Department of Radiation Oncology, Emory University School of Medicine, Atlanta, GA 30322, USA.
J Appl Clin Med Phys. 2011 Apr 13;12(3):3467. doi: 10.1120/jacmp.v12i3.3467.
Radiosurgical treatment of cranial or extracranial targets demands accurate positioning of the isocenter at the beam and table isocenter, and immobilization of the target during treatment. For spinal radiosurgery, the standard approach involves matching of cone-beam CT (CBCT) in-room images with the planning CT (pCT) to determine translation and yaw corrections. The purpose of this study was to assess the accuracy of these techniques compared to advanced automatching using mutual information metrics, with consideration given to volume of interest (VOI) and optimizing translations and rotations in all axes. The dosimetric consequences of our current standard matching techniques were also evaluated. Ten consecutive spinal radiosurgery patients treated in the last year were subjected to analysis. For purposes of this analysis, the automatch using mutual information and a VOI was considered to create "the true isocenter" for positioning the patients. Review of the imaging from this automatch confirmed perfect superimposition of the two datasets within the VOI. Matching the CBCT to the pCT using the automatch allowed assessment of the rotations which had been previously ignored. Recalculation of the dose volume histogram was undertaken for each patient, assuming displacement of the true isocenter to the treated isocenter. Comparisons between the delivered doses and the intended doses were made. The mean absolute lateral/vertical/longitudinal translations and vector displacement between the manual CBCT-pCT matching isocenter and the true isocenter were 0.13, -0.05, and -0.39 mm, with a minimum and maximum individual pixel vector shift of 3.2 and 8.94 mm. The mean pitch, yaw, and roll correction for automatch was -0.30°, 0.25°, and 0.97° with a maximum of 1.65°, 2.92°, and 1.43°. Four of ten patients had a significant change in the coverage of the tumor due to lack of correction of translational and rotational errors. The largest errors were observed in patients with small and irregular target volumes. Our initial results show that precise positioning for spinal radiosurgery cannot be accomplished with manual pCT-CBCT matching without a clinical strategy to compensate for rotations. In the absence of this, significant underdosing of the tumor may occur.
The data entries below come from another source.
Lemma diff_sum_f_cis_fejer N om :
  is_RInt (V := CR) (fun w => scal (/ (2 * PI)) (Cmult (Phi w) (RtoC (fejer N (om - w)))))
    (- PI) PI (diff_sum (fun k => scal (V := CR) (f (IZR k)) (cis (om * IZR k))) N).
Proof.
  set (F := fun k w =>
         Cmult (scal (/ (2 * PI)) (Cmult (Phi w) (cis (- (w * IZR k))))) (cis (om * IZR k))).
  rewrite (diff_sum_ext (G := CRG) _ (fun k => Cmult (RtoC (f (IZR k))) (cis (om * IZR k))))
    by (intro k; apply scal_C_R).
  eapply is_RInt_ext; [|apply (is_RInt_diff_sum (V := CR) F); intro k;
                        apply is_RInt_Cmult_r, f_inversion_on_period].
  intros w _. rewrite <- diff_sum_cis.
  set (phi := fun X : C => scal (V := CR) (/ (2 * PI)) (Cmult (Phi w) X)).
  change (diff_sum (fun k => F k w) N
          = phi (diff_sum (G := CRG) (fun k => cis (IZR k * (om - w))) N)).
  rewrite <- (diff_sum_additive (G := CRG) (H := CRG) phi)
    by (intros; apply injective_projections; C_ring).
  (* Re-types both sides in the same group structure on [C], so that [diff_sum_ext] applies. *)
  change (diff_sum (G := CRG) (fun k => F k w) N
          = diff_sum (G := CRG) (fun k => phi (cis (IZR k * (om - w)))) N).
  apply diff_sum_ext; intro k.
  unfold F, phi. rewrite !scal_C_R, <- !Cmult_assoc, cis_add. do 3 f_equal. ring.
Qed.

Lemma Cmod_Phi_le_1 w : Cmod (Phi w) <= 1.
Proof.
  rewrite <- norm_C_R.
  apply (is_integral_R_norm_le (V := C_R_CompleteNormedModule) _ f _ _ (Phi_def w) f_total).
  intro t. change (norm (V := CR) (scal (V := CR) (f t) (cis (w * t))) <= f t).
  rewrite norm_C_R, Cmod_scal_cis; [lra|apply f_nonneg].
Qed.

Lemma re_Phi_bounds w : - 1 <= fst (Phi w) <= 1.
Proof.
  apply Rabs_le_between. eapply Rle_trans; [apply Rabs_fst_le_Cmod|apply Cmod_Phi_le_1].
Qed.

Lemma diff_sum_f_cis_bounded om N :
  Delta < Rabs om <= PI ->
  Cmod (diff_sum (fun k => scal (V := CR) (f (IZR k)) (cis (om * IZR k))) N)
    <= 2 / (1 - cos (Rabs om - Delta)).
Proof.
  intro Hom. set (d := Rabs om - Delta). set (M := 2 / (1 - cos d)).
  assert (Hd : 0 < d <= PI) by (unfold d; lra).
  assert (HM : 0 <= M) by (pose proof (cos_lt_1 d Hd); apply Rlt_le, Rdiv_lt_0_compat; lra).
  pose proof PI_RGT_0.
  rewrite <- norm_C_R. replace M with ((PI - - PI) * (/ (2 * PI) * M)) by (field; apply PI_neq0).
  refine (norm_RInt_le_const _ _ _ _ _ _ _ (diff_sum_f_cis_fejer N om)); [lra|].
  assert (inv_2PI_pos : 0 < / (2 * PI)) by (apply Rinv_0_lt_compat; lra).
  intros w _. rewrite norm_C_R, scal_C_R, !Cmod_mult, !Cmod_R, !Rabs_right
    by (apply Rle_ge; lra || apply fejer_nonneg).
  apply Rmult_le_compat_l; [lra|].
  destruct (Rle_or_lt Delta (Rabs w)) as [Hw|Hw].
  - rewrite Phi_supp, Cmod_0, Rmult_0_l by easy. exact HM.
  - (* [Phi w <> 0] forces [|w| < Delta], which keeps [om - w] away from [2 pi Z]. *)
    assert (Hdist : d <= Rabs (om - w) <= 2 * PI - d).
    { unfold d. pose proof (Rabs_triang_inv om w). pose proof (Rabs_triang om (- w)).
      rewrite Rabs_Ropp in *. unfold Rminus in *. lra. }
    assert (fejer N (om - w) <= M) by now apply fejer_le_away.
    pose proof (Cmod_Phi_le_1 w). pose proof (Cmod_ge_0 (Phi w)).
    pose proof (fejer_nonneg N (om - w)). nra.
Qed.

Lemma diff_sum_f_fejer N :
  is_RInt (fun w => / (2 * PI) * (fst (Phi w) * fejer N w)) (- PI) PI
    (diff_sum (fun k => f (IZR k)) N).
Proof.
  pose proof (is_RInt_fct_extend_fst (U := R_NormedModule) (V := R_NormedModule) _ _ _ _
                (diff_sum_f_cis_fejer N 0)) as H.
  eapply is_RInt_ext; [|replace (diff_sum _ N) with (fst (diff_sum (G := CRG)
                          (fun k => scal (V := CR) (f (IZR k)) (cis (0 * IZR k))) N)); [exact H|]].
  - intros w _. simpl. rewrite Rminus_0_l, fejer_even. destruct (Phi w). C_ring.
  - rewrite diff_sum_fst. apply diff_sum_ext. intro k. simpl. rewrite Rmult_0_l, cos_0. C_ring.
Qed.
颅外或颅外目标的放射外科治疗需要在光束和工作台等中心点准确定位,并在治疗过程中固定目标。对于脊柱放射外科手术,标准方法包括将锥形束 CT(CBCT)室内图像与计划 CT(pCT)进行匹配,以确定平移和偏航校正。本研究的目的是评估与使用互信息度量标准的先进自动匹配相比,这些技术的准确性,并考虑感兴趣体积(VOI)以及在所有轴上优化平移和旋转。还评估了我们当前标准匹配技术的剂量学后果。对去年治疗的 10 例连续脊柱放射外科手术患者进行了分析。为了进行这项分析,使用互信息和 VOI 的自动匹配被认为是为患者定位而创建“真实等中心点”。通过自动匹配查看这两个数据集的图像确认了 VOI 内的完美叠加。使用自动匹配将 CBCT 与 pCT 进行匹配,可以评估以前忽略的旋转。为每个患者重新计算了剂量体积直方图,假设真实等中心点移动到治疗等中心点。对每个患者的真实等中心点与治疗等中心点之间的剂量进行了比较。手动 CBCT-pCT 匹配等中心点与真实等中心点之间的横向/垂直/纵向平移和向量位移的平均值分别为 0.13、-0.05 和-0.39mm,最小和最大个体像素向量偏移分别为 3.2 和 8.94mm。自动匹配的俯仰、偏航和滚动校正平均值分别为-0.30°、0.25°和 0.97°,最大值分别为 1.65°、2.92°和 1.43°。十个患者中有四个由于没有纠正平移和旋转误差,肿瘤的覆盖范围发生了显著变化。最大的误差发生在目标体积小且不规则的患者中。我们的初步结果表明,如果没有临床策略来补偿旋转,仅凭手动 pCT-CBCT 匹配,就无法实现脊柱放射外科手术的精确定位。在没有这种策略的情况下,肿瘤可能会出现剂量不足的情况。